» Task brief: Here are the records. Write out exactly the lines between the one holding "- exists []. split; [left; reflexivity |]." and the one holding "Lemma Phi_ext_Phi E", inclusive.

──────── Listed records ────────

Lemma lindenbaum (M : formula -> formula)
  (M_mono : forall X Y, Pv (Imp X Y) -> Pv (Imp (M X) (M Y)))
  (M_split : forall X E, consistent (M X) ->
     consistent (M (And X E)) \/ consistent (M (And X (Neg E)))) :
  forall l X, NoDup l -> consistent (M X) ->
  exists Sl, In Sl (sublists l) /\ consistent (M (And X (big_and (map (signed Sl) l)))).
Proof.
  induction l as [|E l IH]; intros X Hnd HX.
  - exists []. split; [left; reflexivity |].
    refine (consistent_mono _ _ (M_mono _ _ _) HX). taut_tac.
  - apply NoDup_cons_iff in Hnd as [HEl Hnd].
    destruct (M_split X E HX) as [HXE | HXE]; destruct (IH _ Hnd HXE) as (Sl & HSl & HC).
    + exists (E :: Sl). split; [apply sublists_cons, HSl |]. simpl.
      replace (map (signed (E :: Sl)) l) with (map (signed Sl) l).
      2:{ apply map_ext_in. intros x Hx. unfold signed.
          destruct (in_dec formula_eq_dec x Sl), (in_dec formula_eq_dec x (E :: Sl));
            simpl in *; intuition congruence. }
      unfold signed at 1. destruct (in_dec formula_eq_dec E (E :: Sl)) as [_ | []]; [| left; auto].
      refine (consistent_mono _ _ (M_mono _ _ _) HC). taut_tac.
    + exists Sl. split; [apply sublists_skip, HSl |].
      simpl. unfold signed at 1. destruct (in_dec formula_eq_dec E Sl) as [HE |].
      { contradiction (HEl (sublists_incl _ _ HSl _ HE)). }
      refine (consistent_mono _ _ (M_mono _ _ _) HC). taut_tac.
Qed.

End Consistency.

Definition logic_eq_dec : forall L1 L2 : logic, {L1 = L2} + {L1 <> L2}.
Proof. decide equality. Defined.

Section Canonical_model.
Variable L : logic.
Notation Pv := (prov L).
Notation consistent := (consistent L).

Variable Phi : list formula.
Hypothesis Phi_Imp : forall A B, In (Imp A B) Phi -> In A Phi /\ In B Phi.
Hypothesis Phi_Or : forall A B, In (Or A B) Phi -> In A Phi /\ In B Phi.
Hypothesis Phi_And : forall A B, In (And A B) Phi -> In A Phi /\ In B Phi.
Hypothesis Phi_Rhd : forall A B, In (Rhd A B) Phi -> In A Phi /\ In B Phi.
Hypothesis Phi_Box : forall A, In (Box A) Phi -> In A Phi.

Definition lits : list lit := list_prod Phi [true; false].

Definition Phi_ext : list formula :=
  nodup formula_eq_dec (Phi ++ map (fun l => Box (Neg (lits_and l))) (sublists lits)).

Definition charf (Sl : list formula) : formula := big_and (map (signed Sl) Phi_ext).
Definition atom (Sl : list formula) : Prop := In Sl (sublists Phi_ext) /\ consistent (charf Sl).
Definition proves (Sl : list formula) (E : formula) : Prop := Pv (Imp (charf Sl) E).
Definition decides (Sl : list formula) (E : formula) : Prop := proves Sl E \/ proves Sl (Neg E).

Lemma Phi_ext_Phi E : In E Phi -> In E Phi_ext.
Proof. intro H. apply nodup_In, in_or_app. left. exact H. Qed.

Lemma Phi_ext_box_neg l : In l (sublists lits) -> In (Box (Neg (lits_and l))) Phi_ext.
Proof.
  intro H. apply nodup_In, in_or_app. right.
  apply (in_map (fun l => Box (Neg (lits_and l)))), H.
Qed.

Lemma lits_Phi E b : In E Phi -> In (E, b) lits.
Proof. intro H. apply in_prod; [exact H | destruct b; simpl; auto]. Qed.

Lemma neg_lits_lits Y : incl Y Phi -> incl (map neg_lit Y) lits.
Proof. intros HY x (D & <- & HD)%in_map_iff. apply lits_Phi, HY, HD. Qed.

Lemma atom_incl Sl : atom Sl -> incl Sl Phi_ext.
Proof. intros [H _]. apply sublists_incl, H. Qed.

Lemma proves_signed Sl E : In E Phi_ext -> proves Sl (signed Sl E).
Proof. intro H. apply prov_taut, big_and_elim, in_map, H. Qed.

Lemma proves_in Sl E : In E Phi_ext -> In E Sl -> proves Sl E.
Proof.
  intros H HE. generalize (proves_signed Sl E H). unfold signed.
  destruct (in_dec formula_eq_dec E Sl); tauto.
Qed.

Lemma proves_notin Sl E : In E Phi_ext -> ~ In E Sl -> proves Sl (Neg E).
Proof.
  intros H HE. generalize (proves_signed Sl E H). unfold signed.
  destruct (in_dec formula_eq_dec E Sl); tauto.
Qed.

Lemma in_iff_proves Sl E : consistent (charf Sl) -> In E Phi_ext -> (In E Sl <-> proves Sl E).
Proof.
  intros HC HE. split; [apply proves_in, HE |]. intro H.
  destruct (in_dec formula_eq_dec E Sl) as [| HnE]; [assumption |].
  contradiction (not_consistent_contra _ _ _ H (proves_notin _ _ HE HnE)).
Qed.

Lemma decides_Phi_ext Sl E : In E Phi_ext -> decides Sl E.
Proof.
  intro H. destruct (in_dec formula_eq_dec E Sl);
    [left; apply proves_in | right; apply proves_notin]; assumption.
Qed.

Lemma decides_neg Sl E : decides Sl E -> decides Sl (Neg E).
Proof.
  intros [H | H]; [right | left]; [| exact H]. refine (prov_imp_taut_mp _ _ _ _ H). taut_tac.
Qed.

Lemma decides_and Sl E F : decides Sl E -> decides Sl F -> decides Sl (And E F).
Proof.
  intros [HE | HE] [HF | HF];
    [left; refine (prov_imp_taut_mp2 _ _ _ _ _ HE HF)
    | right; refine (prov_imp_taut_mp _ _ _ _ HF)
    | right; refine (prov_imp_taut_mp _ _ _ _ HE) ..]; taut_tac.
Qed.

Lemma decides_lits_and Sl l : incl l lits -> decides Sl (lits_and l).
Proof.
  induction l as [|[E b] l IH]; intro Hl.
  - left. apply prov_imp_const. unfold lits_and. taut_tac.
  - apply incl_cons_inv in Hl as [HEb Hl]. apply in_prod_iff in HEb as [HE _].
    apply decides_and; [| apply IH, Hl]. unfold lit_formula. simpl.
    destruct b; [| apply decides_neg]; apply decides_Phi_ext, Phi_ext_Phi, HE.
Qed.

────────

» Answer to this problem:
  - exists []. split; [left; reflexivity |].
    refine (consistent_mono _ _ (M_mono _ _ _) HX). taut_tac.
  - apply NoDup_cons_iff in Hnd as [HEl Hnd].
    destruct (M_split X E HX) as [HXE | HXE]; destruct (IH _ Hnd HXE) as (Sl & HSl & HC).
    + exists (E :: Sl). split; [apply sublists_cons, HSl |]. simpl.
      replace (map (signed (E :: Sl)) l) with (map (signed Sl) l).
      2:{ apply map_ext_in. intros x Hx. unfold signed.
          destruct (in_dec formula_eq_dec x Sl), (in_dec formula_eq_dec x (E :: Sl));
            simpl in *; intuition congruence. }
      unfold signed at 1. destruct (in_dec formula_eq_dec E (E :: Sl)) as [_ | []]; [| left; auto].
      refine (consistent_mono _ _ (M_mono _ _ _) HC). taut_tac.
    + exists Sl. split; [apply sublists_skip, HSl |].
      simpl. unfold signed at 1. destruct (in_dec formula_eq_dec E Sl) as [HE |].
      { contradiction (HEl (sublists_incl _ _ HSl _ HE)). }
      refine (consistent_mono _ _ (M_mono _ _ _) HC). taut_tac.
Qed.

End Consistency.

Definition logic_eq_dec : forall L1 L2 : logic, {L1 = L2} + {L1 <> L2}.
Proof. decide equality. Defined.

Section Canonical_model.
Variable L : logic.
Notation Pv := (prov L).
Notation consistent := (consistent L).

Variable Phi : list formula.
Hypothesis Phi_Imp : forall A B, In (Imp A B) Phi -> In A Phi /\ In B Phi.
Hypothesis Phi_Or : forall A B, In (Or A B) Phi -> In A Phi /\ In B Phi.
Hypothesis Phi_And : forall A B, In (And A B) Phi -> In A Phi /\ In B Phi.
Hypothesis Phi_Rhd : forall A B, In (Rhd A B) Phi -> In A Phi /\ In B Phi.
Hypothesis Phi_Box : forall A, In (Box A) Phi -> In A Phi.

Definition lits : list lit := list_prod Phi [true; false].

Definition Phi_ext : list formula :=
  nodup formula_eq_dec (Phi ++ map (fun l => Box (Neg (lits_and l))) (sublists lits)).

Definition charf (Sl : list formula) : formula := big_and (map (signed Sl) Phi_ext).
Definition atom (Sl : list formula) : Prop := In Sl (sublists Phi_ext) /\ consistent (charf Sl).
Definition proves (Sl : list formula) (E : formula) : Prop := Pv (Imp (charf Sl) E).
Definition decides (Sl : list formula) (E : formula) : Prop := proves Sl E \/ proves Sl (Neg E).

Lemma Phi_ext_Phi E : In E Phi -> In E Phi_ext.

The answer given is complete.